Work to be completed: Which lines below include "exists"? Copy them all.

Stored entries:
──────
(* Let ${\bm{x}}_i^m\in\mathbb{R}^d$ ($m\in[M]$, $i\in[n]$) satisfy $\|{\bm{x}}_i^m\|\le1$ and be linearly separable. Let $\ell(z)=\log(1+e^{-z})$, $F_m({\bm{w}})=\frac1n\sum_i\ell(\langle{\bm{w}},{\bm{x}}_i^m\rangle)$, $F=\frac1M\sum_mF_m$. Run Local GD with any ${\bm{w}}_0$, $\eta>0$, $K\in\mathbb{N}$: ${\bm{w}}_{r,0}^m={\bm{w}}_r$, ${\bm{w}}_{r,k+1}^m={\bm{w}}_{r,k}^m-\eta\nabla F_m({\bm{w}}_{r,k}^m)$ ($k=0,\dots,K-1$), ${\bm{w}}_{r+1}=\frac1M\sum_m{\bm{w}}_{r,K}^m$. If $F({\bm{w}}_r)\le1/(\eta KM)$ for some $r\ge0$, then $\|{\bm{w}}_{r,k}^m-{\bm{w}}_r\|\le1$ for every $m\in[M]$ and $k\in[K]$.
   Context: Linear separability means there is ${\bm{w}}$ with $\langle{\bm{w}},{\bm{x}}_i^m\rangle>0$ for all $m,i$ (labels absorbed into data). $[K]=\{1,\dots,K\}$. *)

From mathcomp Require Import all_boot all_order all_algebra.
From mathcomp Require Import all_classical all_reals all_analysis.
Set Implicit Arguments. Unset Strict Implicit. Unset Printing Implicit Defensive.
Import Order.TTheory GRing.Theory Num.Theory.
Local Open Scope ring_scope.

Section LocalGD.
Variable R : realType.

Definition inner (d : nat) (u v : 'rV[R]_d) : R := \sum_(j < d) u ord0 j * v ord0 j.
Definition enorm (d : nat) (u : 'rV[R]_d) : R := Num.sqrt (inner u u).

Definition logistic (z : R) : R := ln (1 + expR (- z)).

Variables (d M n : nat) (x : 'I_M -> 'I_n -> 'rV[R]_d).

Definition linsep : Prop := exists w : 'rV[R]_d, forall m i, 0 < inner w (x m i).

Definition Fm (m : 'I_M) (w : 'rV[R]_d) : R :=
  n%:R^-1 * \sum_(i < n) logistic (inner w (x m i)).
Definition Fobj (w : 'rV[R]_d) : R := M%:R^-1 * \sum_(m < M) Fm m w.

Definition gradFm (m : 'I_M) (w : 'rV[R]_d) : 'rV[R]_d :=
  n%:R^-1 *: \sum_(i < n) ((derive1 logistic (inner w (x m i))) *: x m i).

Definition local_iter (eta : R) (m : 'I_M) (w : 'rV[R]_d) (k : nat) : 'rV[R]_d :=
  iter k (fun v => v - eta *: gradFm m v) w.

Definition round (eta : R) (K : nat) (w : 'rV[R]_d) : 'rV[R]_d :=
  M%:R^-1 *: \sum_(m < M) local_iter eta m w K.

Definition global_iter (eta : R) (K : nat) (w0 : 'rV[R]_d) (r : nat) : 'rV[R]_d :=
  iter r (round eta K) w0.

End LocalGD.

From mathcomp Require Import all_boot all_order all_algebra.
From mathcomp Require Import all_classical all_reals all_analysis.
From mathcomp Require Import ring lra.
Import Order.TTheory GRing.Theory Num.Theory.
Local Open Scope ring_scope.

(* Since |l'| <= l for the logistic loss l and ||x_i^m|| <= 1, the local
   gradient is bounded by the local loss: ||grad F_m(v)|| <= F_m(v).  Each local
   step therefore moves by at most eta F_m of the current iterate, and it
   suffices that F_m does not increase along the local run, since
   F_m(w_r) <= M F(w_r) <= 1/(eta K) then gives
   ||w_{r,k}^m - w_r|| <= k eta F_m(w_r) <= 1.  Monotonicity comes from the
   local quadratic bound l(z + u) <= l(z) + l'(z) u + 2 |l'(z)| u^2 for
   -u <= 1/2 (concavity of ln and e^u <= 1 + u + 2u^2 for u <= 1/2), which
   yields F_m(v - eta grad F_m(v)) <= F_m(v) - eta (1 - 2 eta F_m(v)) ||grad F_m(v)||^2
   as long as eta F_m(v) <= 1/2. *)

Section EuclideanInnerProduct.
Context {R : realType} {d : nat}.
Implicit Types (u v w : 'rV[R]_d) (a : R).

Lemma innerC u v : inner u v = inner v u.
Proof. by apply: eq_bigr => j _; rewrite mulrC. Qed.

Lemma innerDl u v w : inner (u + v) w = inner u w + inner v w.
Proof. by rewrite /inner -big_split; apply: eq_bigr => j _; rewrite mxE mulrDl. Qed.

Lemma innerZl a u v : inner (a *: u) v = a * inner u v.
Proof. by rewrite /inner mulr_sumr; apply: eq_bigr => j _; rewrite mxE mulrA. Qed.

Lemma innerBl u v w : inner (u - v) w = inner u w - inner v w.
Proof. by rewrite innerDl -scaleN1r innerZl mulN1r. Qed.

Lemma innerDr u v w : inner u (v + w) = inner u v + inner u w.
Proof. by rewrite innerC innerDl !(innerC u). Qed.

Lemma innerZr a u v : inner u (a *: v) = a * inner u v.
Proof. by rewrite innerC innerZl innerC. Qed.

Lemma innerBr u v w : inner u (v - w) = inner u v - inner u w.
Proof. by rewrite innerC innerBl !(innerC u). Qed.

Lemma inner0l v : inner 0 v = 0.
Proof. by rewrite -(scale0r 0) innerZl mul0r. Qed.

Lemma inner_suml n (f : 'I_n -> 'rV[R]_d) v :
  inner (\sum_(i < n) f i) v = \sum_(i < n) inner (f i) v.
Proof.
rewrite /inner (exchange_big _ _ _ _ _ (fun i j => f i ord0 j * v ord0 j)).
by apply: eq_bigr => j _; rewrite summxE mulr_suml.
Qed.

Lemma inner_ge0 u : 0 <= inner u u.
Proof. by apply: sumr_ge0 => j _; rewrite -expr2 sqr_ge0. Qed.

Lemma inner_self_eq0 u : (inner u u == 0) = (u == 0).
Proof.
apply/eqP/eqP => [u0|->]; last exact: inner0l.
apply/rowP => j; rewrite mxE; apply/eqP; rewrite -[_ == 0]orbb -mulf_eq0; apply/eqP.
by apply: (psumr_eq0P _ u0) => // k _; rewrite -expr2 sqr_ge0.
Qed.

Lemma inner_sqr_le u v : inner u v ^+ 2 <= inner u u * inner v v.
Proof.
have [->|u_neq0] := eqVneq u 0; first by rewrite !inner0l expr0n mul0r.
have uu_gt0 : 0 < inner u u by rewrite lt0r inner_self_eq0 u_neq0 inner_ge0.
have := inner_ge0 (inner u u *: v - inner u v *: u).
rewrite !(innerBl, innerBr, innerZl, innerZr) (innerC v u); nra.
Qed.

Lemma enorm_ge0 u : 0 <= enorm u.
Proof. exact: sqrtr_ge0. Qed.

Lemma enorm_sqr u : enorm u ^+ 2 = inner u u.
Proof. by rewrite sqr_sqrtr // inner_ge0. Qed.

Lemma enorm0 : enorm (0 : 'rV[R]_d) = 0.
Proof. by rewrite /enorm inner0l sqrtr0. Qed.

Lemma enormZ a u : enorm (a *: u) = `|a| * enorm u.
Proof.
by rewrite /enorm innerZl innerZr mulrA -expr2 sqrtrM ?sqr_ge0 // sqrtr_sqr.
Qed.

Lemma abs_inner_le u v : `|inner u v| <= enorm u * enorm v.
Proof.
rewrite -sqrtr_sqr /enorm -sqrtrM ?inner_ge0 // ler_sqrt ?inner_sqr_le //.
by rewrite mulr_ge0 ?inner_ge0.
Qed.

Lemma enormD u v : enorm (u + v) <= enorm u + enorm v.
Proof.
rewrite -[leRHS]ger0_norm ?addr_ge0 ?enorm_ge0 // -sqrtr_sqr ler_sqrt ?sqr_ge0 //.
rewrite !(innerDl, innerDr) sqrrD !enorm_sqr (innerC v u).
have := abs_inner_le u v; have := ler_norm (inner u v); lra.
Qed.

Lemma enorm_sum n (f : 'I_n -> 'rV[R]_d) :
  enorm (\sum_(i < n) f i) <= \sum_(i < n) enorm (f i).
Proof.
elim/big_ind2: _ => [|u1 u2 a1 a2 le1 le2|i _ //]; first by rewrite enorm0.
exact: le_trans (enormD _ _) (lerD le1 le2).
Qed.

End EuclideanInnerProduct.

Section Logistic.
Context {R : realType}.
Implicit Types z u : R.

Definition logistic_slope z : R := expR (- z) / (1 + expR (- z)).

Lemma derive1_logistic z : derive1 (@logistic R) z = - logistic_slope z.
Proof.
have expN_gt0 : 0 < 1 + expR (- z) by rewrite addr_gt0 ?expR_gt0.
have dexpN : is_derive z 1 (fun z : R => expR (- z)) (expR (- z) * -1).
  exact: (@is_derive1_comp _ expR -%R).
have d1expN : is_derive z 1 (fun z : R => 1 + expR (- z)) (expR (- z) * -1).
  by rewrite -[X in is_derive _ _ _ X]add0r; apply: is_deriveD.
have := @is_derive1_comp _ (@ln R) (fun z => 1 + expR (- z)) _ _ _
  (is_derive1_ln expN_gt0) d1expN.
by move=> dlogistic; rewrite derive1E [LHS]derive_val mulrN1 mulrN mulrC.
Qed.

Lemma logistic_ge0 z : 0 <= logistic z.
Proof. by rewrite ln_ge0 // lerDl expR_ge0. Qed.

Lemma logistic_slope_ge0 z : 0 <= logistic_slope z.
Proof. by rewrite divr_ge0 ?addr_ge0 ?expR_ge0. Qed.

Lemma logistic_slope_lt1 z : logistic_slope z < 1.
Proof. by rewrite ltr_pdivrMr ?mul1r ?ltrDr ?ltr01 // addr_gt0 ?expR_gt0. Qed.

Lemma logistic_slope_le z : logistic_slope z <= logistic z.
Proof.
have expN_gt0 : 0 < 1 + expR (- z) by rewrite addr_gt0 ?expR_gt0.
have one_sub_slope : 1 - logistic_slope z = (1 + expR (- z))^-1.
  by rewrite /logistic_slope; field; rewrite gt_eqF.
have := le_ln1Dx (_ : -1 < - logistic_slope z); rewrite ltrN2 => /(_ (logistic_slope_lt1 z)).
by rewrite one_sub_slope lnV ?posrE // lerN2.
Qed.

Lemma expR_le_quadratic u : u <= 2^-1 -> expR u <= 1 + u + 2 * u ^+ 2.
Proof.
move=> u_le_half; have one_sub_gt0 : 0 < 1 - u by lra.
rewrite -(ler_pM2r one_sub_gt0).
have -> : (1 + u + 2 * u ^+ 2) * (1 - u) = 1 + u ^+ 2 * (1 - 2 * u) by ring.
apply: le_trans (_ : 1 <= _); last by rewrite lerDl mulr_ge0 ?sqr_ge0 //; lra.
rewrite -[leRHS](expRxMexpNx_1 u) ler_pM2l ?expR_gt0 //; exact: expR_ge1Dx.
Qed.

Lemma logistic_shift_le z u :
  logistic (z + u) <= logistic z + logistic_slope z * (expR (- u) - 1).
Proof.
set t := expR (- z); set s := logistic_slope z.
have t_gt0 : 0 < 1 + t by rewrite addr_gt0 ?expR_gt0.
have s_ge0 : 0 <= s := logistic_slope_ge0 z.
have s_lt1 : s < 1 := logistic_slope_lt1 z.
have factor : 1 + t * expR (- u) = (1 + t) * (1 + s * (expR (- u) - 1)).
  by rewrite /s /logistic_slope -/t; field; rewrite gt_eqF.
have shift_gt : -1 < s * (expR (- u) - 1).
  have := expR_gt0 (- u); nra.
rewrite /logistic opprD expRD -/t factor lnM ?posrE //; last lra.
by rewrite lerD2l le_ln1Dx.
Qed.

Lemma logistic_quadratic_ub z u : - u <= 2^-1 ->
  logistic (z + u) <= logistic z - logistic_slope z * u + 2 * logistic_slope z * u ^+ 2.
Proof.
move=> u_ge; apply: le_trans (logistic_shift_le z u) _.
have := ler_wpM2l (logistic_slope_ge0 z) (expR_le_quadratic _ u_ge).
rewrite sqrrN; lra.
Qed.

End Logistic.

Section LocalGD.
Context {R : realType} {d M n : nat} (x : 'I_M -> 'I_n -> 'rV[R]_d).
Implicit Types (m : 'I_M) (w v : 'rV[R]_d) (eta : R).

Lemma Fm_ge0 m w : 0 <= Fm x m w.
Proof. by rewrite mulr_ge0 ?invr_ge0 ?sumr_ge0 // => i _; exact: logistic_ge0. Qed.

Lemma Fm_le_Fobj m w : Fm x m w <= M%:R * Fobj x w.
Proof.
have M_gt0 : (0 < M)%N := leq_ltn_trans (leq0n m) (ltn_ord m).
rewrite /Fobj mulrA mulfV ?pnatr_eq0 -?lt0n // mul1r (bigD1 m) //= lerDl.
by apply: sumr_ge0 => i _; exact: Fm_ge0.
Qed.

Lemma gradFmE m w : gradFm x m w =
  - (n%:R^-1 *: \sum_(i < n) logistic_slope (inner w (x m i)) *: x m i).
Proof.
rewrite /gradFm -scalerN -sumrN; congr (_ *: _); apply: eq_bigr => i _.
by rewrite derive1_logistic scaleNr.
Qed.

Lemma inner_gradFml m w v : inner (gradFm x m w) v =
  - (n%:R^-1 * \sum_(i < n) logistic_slope (inner w (x m i)) * inner (x m i) v).
Proof.
rewrite gradFmE -scaleN1r innerZl innerZl inner_suml mulN1r.
by congr (- (_ * _)); apply: eq_bigr => i _; rewrite innerZl.
Qed.

Lemma local_iterS eta m w k :
  local_iter x eta m w k.+1 =
    local_iter x eta m w k - eta *: gradFm x m (local_iter x eta m w k).
Proof. by []. Qed.

Hypothesis x_le1 : forall m i, enorm (x m i) <= 1.

Lemma abs_inner_x_le m i v : `|inner (x m i) v| <= enorm v.
Proof.
apply: le_trans (abs_inner_le _ _) _.
by rewrite ler_piMl ?enorm_ge0.
Qed.

Lemma enorm_gradFm_le m w : enorm (gradFm x m w) <= Fm x m w.
Proof.
rewrite gradFmE -scaleN1r !enormZ normrN1 mul1r ger0_norm ?invr_ge0 //.
apply: ler_wpM2l; first by rewrite invr_ge0.
apply: le_trans (enorm_sum _ _) _; apply: ler_sum => i _.
rewrite enormZ ger0_norm ?logistic_slope_ge0 //.
apply: le_trans (logistic_slope_le _); rewrite ler_piMr ?logistic_slope_ge0 //.
Qed.

Lemma logistic_gradient_step_le m w eta i :
  0 <= eta -> eta * Fm x m w <= 2^-1 ->
  logistic (inner (w - eta *: gradFm x m w) (x m i)) <=
    logistic (inner w (x m i))
    + eta * (logistic_slope (inner w (x m i)) * inner (x m i) (gradFm x m w))
    + 2 * eta ^+ 2 * (logistic (inner w (x m i)) * inner (gradFm x m w) (gradFm x m w)).
Proof.
move=> eta_ge0 etaF_le; set g := gradFm x m w; set z := inner w (x m i).
set a := inner (x m i) g.
have a_le : `|a| <= enorm g := abs_inner_x_le m i g.
have step_small : - - (eta * a) <= 2^-1.
  rewrite opprK; apply: le_trans etaF_le; apply: ler_wpM2l => //.
  exact: le_trans (ler_norm a) (le_trans a_le (enorm_gradFm_le m w)).
have slope_sqr_le : logistic_slope z * a ^+ 2 <= logistic z * inner g g.
  apply: ler_pM; rewrite ?logistic_slope_ge0 ?sqr_ge0 ?logistic_slope_le //.
  by rewrite -enorm_sqr -(real_normK (num_real a)) ler_sqr ?nnegrE ?enorm_ge0.
rewrite innerBl innerZl (innerC g) -/z -/a.
apply: le_trans (logistic_quadratic_ub z _ step_small) _.
have coef_ge0 : 0 <= 2 * eta ^+ 2 by rewrite mulr_ge0 ?sqr_ge0.
have := ler_wpM2l coef_ge0 slope_sqr_le; rewrite sqrrN exprMn; lra.
Qed.

Lemma Fm_gradient_step_le m w eta : 0 <= eta -> eta * Fm x m w <= 2^-1 ->
  Fm x m (w - eta *: gradFm x m w) <=
    Fm x m w - eta * (1 - 2 * eta * Fm x m w) * inner (gradFm x m w) (gradFm x m w).
Proof.
move=> eta_ge0 etaF_le; set g := gradFm x m w.
have sum_le : \sum_(i < n) _ <= \sum_(i < n) _ :=
  ler_sum _ (fun i _ => logistic_gradient_step_le m w eta i eta_ge0 etaF_le).
rewrite !big_split /= -!mulr_sumr -mulr_suml -/g in sum_le.
have grad_sqr : n%:R^-1 * \sum_(i < n) logistic_slope (inner w (x m i)) * inner (x m i) g
    = - inner g g by rewrite /g inner_gradFml opprK.
have n_inv_ge0 : 0 <= n%:R^-1 :> R by rewrite invr_ge0.
apply: le_trans (ler_wpM2l n_inv_ge0 sum_le) _.
set L := \sum_(i < n) _; set B := \sum_(i < n) _ in grad_sqr *.
have -> : n%:R^-1 * (L + eta * B + 2 * eta ^+ 2 * (L * inner g g)) =
    Fm x m w + eta * (n%:R^-1 * B) + 2 * eta ^+ 2 * Fm x m w * inner g g.
  by rewrite /Fm -/L; ring.
rewrite grad_sqr; lra.
Qed.

Lemma Fm_local_iter_le m w eta k : 0 <= eta -> 2 * eta * Fm x m w <= 1 ->
  Fm x m (local_iter x eta m w k) <= Fm x m w.
Proof.
move=> eta_ge0 etaF_le; elim: k => [//|k IHk]; rewrite local_iterS.
set v := local_iter x eta m w k in IHk *.
have etaFv_le : 2 * eta * Fm x m v <= 1.
  by apply: le_trans etaF_le; rewrite ler_wpM2l ?mulr_ge0.
apply: le_trans (Fm_gradient_step_le m v eta eta_ge0 _) _; first lra.
have : 0 <= eta * (1 - 2 * eta * Fm x m v) * inner (gradFm x m v) (gradFm x m v).
  by rewrite !mulr_ge0 ?inner_ge0 ?subr_ge0.
lra.
Qed.

Lemma enorm_local_iter_sub_le m w eta k : 0 <= eta ->
  enorm (local_iter x eta m w k - w) <=
    \sum_(j < k) eta * Fm x m (local_iter x eta m w j).
Proof.
move=> eta_ge0; elim: k => [|k IHk]; first by rewrite subrr enorm0 big_ord0.
rewrite big_ord_recr local_iterS addrAC -scaleNr.
apply: le_trans (enormD _ _) (lerD IHk _).
by rewrite enormZ normrN ger0_norm ?ler_wpM2l ?enorm_gradFm_le.
Qed.

End LocalGD.

Theorem lemma4p7 (R : realType) (d M n : nat) (x : 'I_M -> 'I_n -> 'rV[R]_d)
  (hx : forall m i, enorm (x m i) <= 1) (hsep : linsep x)
  (w0 : 'rV[R]_d) (eta : R) (heta : 0 < eta) (K r : nat)
  (hF : Fobj x (global_iter x eta K w0 r) <= (eta * K%:R * M%:R)^-1) :
  forall (m : 'I_M) (k : nat), (1 <= k <= K)%N ->
    enorm (local_iter x eta m (global_iter x eta K w0 r) k
           - global_iter x eta K w0 r) <= 1.
Proof.
move=> m k /andP[k_gt0 le_kK]; set w := global_iter x eta K w0 r in hF *.
have etaK_gt0 : 0 < eta * K%:R by rewrite mulr_gt0 ?ltr0n ?(leq_trans k_gt0).
have etaKF_le1 : eta * K%:R * Fm x m w <= 1.
  apply: le_trans (ler_wpM2l (ltW etaK_gt0) (Fm_le_Fobj x m w)) _.
  have M_gt0 : (0 < M)%N := leq_ltn_trans (leq0n m) (ltn_ord m).
  by rewrite mulrA -ler_pdivlMl ?mulr1 // mulr_gt0 ?ltr0n.
have Fm_iter_le j : (j < K)%N -> Fm x m (local_iter x eta m w j) <= Fm x m w.
  (* a second local step only exists when 2 <= K *)
  case: j => [//|j] lt_jK; apply: (Fm_local_iter_le x hx _ _ _ _ (ltW heta)).
  apply: le_trans etaKF_le1; apply: ler_wpM2r; first exact: Fm_ge0.
  by rewrite mulrC ler_pM2l // ler_nat (leq_ltn_trans _ lt_jK).
apply: le_trans (enorm_local_iter_sub_le x hx m w eta k (ltW heta)) _.
apply: le_trans etaKF_le1.
have term_le (j : 'I_k) : eta * Fm x m (local_iter x eta m w j) <= eta * Fm x m w.
  by rewrite ler_pM2l // Fm_iter_le // (leq_trans (ltn_ord j)).
apply: le_trans (ler_sum _ (fun j _ => term_le j)) _.
rewrite sumr_const card_ord [leRHS]mulrAC -[_ *+ k]mulr_natr.
apply: ler_wpM2l; last by rewrite ler_nat.
by rewrite mulr_ge0 ?Fm_ge0 ?ltW.
Qed.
──────
Task solution:
Definition linsep : Prop := exists w : 'rV[R]_d, forall m i, 0 < inner w (x m i).
  (* a second local step only exists when 2 <= K *)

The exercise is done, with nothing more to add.